Note that colab is using a python 3.7 environemnt, whereas snscrape requires >3.8 

Hence, snscrape won't work in colab, but if you'd like to reproduce the results on your own (Try out with different usernames, etc..) , the code is here

In [None]:
!pip install git+https://github.com/JustAnotherArchivist/snscrape.git

In [None]:
import snscrape.modules.twitter as sntwitter

tweets = []

username = "elonmusk"

# Will retrieve 2000 most recent tweets from specified user
for i, tweet in enumerate(sntwitter.TwitterSearchScraper(f'from:{username}').get_items()):
    if i>2000:
        break
    # Preprocessing of tweets.
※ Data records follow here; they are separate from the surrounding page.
(* Let $r\ge 2$, $n=2r$, $k=r$, $I=\{1,3,\dots,2r-1\}$, $J=\{2,4,\dots,2r\}$, and let $b_1,\dots,b_{2r}\in\mathbb{C}[[t]]$ with $\sum_{i=1}^{2r}b_i=0$. Let $X'$ be a subset of $\{0,2,4,\dots,2r-2\}$ with $1\le|X'|<r$, and let $X,Y$ be the $r$-subsets of $\{1,\dots,2r\}$ associated with $X'$ as in the context. Suppose that for every $j=0,1,\dots,r-1$ (with the even number $2r$ identified with $0$): $t\mid b_{2j+1}+b_{2j+2}$ if $2j$ and $2j+2$ are either both in $X'$ or both not in $X'$, and $t\nmid b_{2j+1}+b_{2j+2}$ if exactly one of $2j,2j+2$ lies in $X'$. Suppose further that $t\mid b_{p}+b_{p+1}+b_{q}+b_{q+1}$ whenever $p,q$ are two consecutive (in cyclic order) elements of the set of odd indices $i\in\{1,3,\dots,2r-1\}$ with $t\nmid b_i+b_{i+1}$. Then the module $\mathbb{M}(I,J)$ is isomorphic to $L_X\oplus L_Y$.
   Context: $\Gamma_n$ is the quiver with vertices $1,\dots,n$ on a cycle (vertex $0$ identified with $n$), arrows $x_i\colon i-1\to i$, $y_i\colon i\to i-1$. $B_{k,n}$ is its completed path algebra modulo the closure of the ideal generated by $xy=yx$ and $x^k=y^{n-k}$ at every vertex; its centre is $\mathbb{C}[[t]]$, $t=\sum_ix_iy_i$. For a $k$-subset $S$ of $\{1,\dots,n\}$, the rank $1$ module $L_S$ has $\mathbb{C}[[t]]$ at every vertex, $x_i$ acting as multiplication by $1$ and $y_i$ by $t$ if $i\in S$, and $x_i$ by $t$ and $y_i$ by $1$ if $i\notin S$. Here $\mathbb{M}(I,J)$ is the module with $V_i=\mathbb{C}[[t]]^2$ at every vertex, $x_i=\begin{pmatrix}t&b_i\\0&1\end{pmatrix}$, $y_i=\begin{pmatrix}1&-b_i\\0&t\end{pmatrix}$ for odd $i$, and $x_i=\begin{pmatrix}1&b_i\\0&t\end{pmatrix}$, $y_i=\begin{pmatrix}t&-b_i\\0&1\end{pmatrix}$ for even $i$. The elements of $\{0,2,\dots,2r-2\}$ are the peaks of the rim $I$. Given $X'$, define $X\subset\{1,\dots,2r\}$ as follows: for each $j=0,\dots,r-1$ (with $2r\equiv 0$ for membership in $X'$): if $2j\in X'$ and $2j+2\in X'$, then $2j+1\in X$, $2j+2\notin X$; if $2j\notin X'$ and $2j+2\in X'$, then $2j+1,2j+2\notin X$; if $2j\in X'$ and $2j+2\notin X'$, then $2j+1,2j+2\in X$; if $2j\notin X'$ and $2j+2\notin X'$, then $2j+1\notin X$, $2j+2\in X$. Set $Y=\{1,\dots,2r\}\setminus X$ (equivalently, $Y$ is obtained by the same rule from the complement $Y'$ of $X'$ in the set of peaks). *)

From HB Require Import structures.
From mathcomp Require Import all_boot all_order all_algebra.
From mathcomp Require Import boolp reals.
From mathcomp Require Import complex.
Set Implicit Arguments. Unset Strict Implicit. Unset Printing Implicit Defensive.
Import Order.TTheory GRing.Theory Num.Theory.
Local Open Scope ring_scope.
(* Since x_d - t^(a_d) = (alpha_d - 1) t^(a_d) has order at least
   o(alpha_d) + a_d >= o(alpha_d) + a_i >= c, it lies in the conductor, so
   t^(a_d) is in R and the modified family is again Herzog-Kunz.
   Herzog-Kunz generators y_1 = t^(a_1), y_2, ..., y_n always generate R.
   Every element of R is approximated to any t-adic order by polynomials in
   the y_j: a leading term of valuation s either has s = a_j (cancel it by
   y_j) or s in v(m^2) (cancel it by a sum of products of approximations of
   order s).  Approximating to order a_1 + c leaves a remainder t^(a_1) f'
   with f' in R, and iterating writes f as a power series in the y_j.
   Conversely such a power series is a polynomial in the y_j plus a series
   of order >= c, which lies in the conductor. *)

Section PowerSeriesRing.
Variable k : fieldType.
Local Notation ps := (ps k).

HB.instance Definition _ := Choice.copy ps (nat -> k).

Lemma psaddA : associative (@psadd k).
Proof. by move=> f g h; apply/funext=> N; rewrite /psadd addrA. Qed.
Lemma psaddC : commutative (@psadd k).
Proof. by move=> f g; apply/funext=> N; rewrite /psadd addrC. Qed.
Lemma psadd0 : left_id (@ps0 k) (@psadd k).
Proof. by move=> f; apply/funext=> N; rewrite /psadd /ps0 add0r. Qed.
Lemma psaddN : left_inverse (@ps0 k) (@psopp k) (@psadd k).
Proof. by move=> f; apply/funext=> N; rewrite /psadd /ps0 /psopp addNr. Qed.

HB.instance Definition _ := GRing.isZmodule.Build ps psaddA psaddC psadd0 psaddN.

(* Commutativity and associativity of [psmul] are inherited from polynomial
   multiplication through truncations. *)
Definition ps_trunc (N : nat) (f : ps) : {poly k} := \poly_(i < N.+1) f i.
Remove all newlines, encode from bytes to string
    tweet = tweet.content.replace('\n', '')
    tweet = tweet.encode('ascii', errors='ignore')
    tweet = tweet.decode("utf-8")
    tweets.append(tweet)

tweets = ".".join(tweets)

### Loading from .txt file

In [1]:
# Read .txt file and load into variable
with open("tweets.txt", "r") as f:
  tweets = f.read()

In [3]:
tweets



## Tweets Preprocessing

In [4]:
# Regex for replacing all urls with custom url
import re
def replace_URLs(string, custom_URL):
    modified_string = re.sub(
        "http[s]?://(?:[a-zA-Z]|[0-9]|[$-_@.&+]|[!*\(\), ]|(?:%[0-9a-fA-F][0-9a-fA-F]))+",
        f" {custom_URL} ",
        string,
    )
    return modified_string

In [5]:
# Define phishing URL here
EVIL_URL = "http://evil.url"

In [6]:
# Preprocess the dataset
preprocessed = replace_URLs(tweets, EVIL_URL)

In [8]:
preprocessed



## Markov Model

In [9]:
# Install markov model for python
!pip install markovify

Collecting markovify
  Downloading markovify-0.9.3.tar.gz (28 kB)
Collecting unidecode
  Downloading Unidecode-1.3.2-py3-none-any.whl (235 kB)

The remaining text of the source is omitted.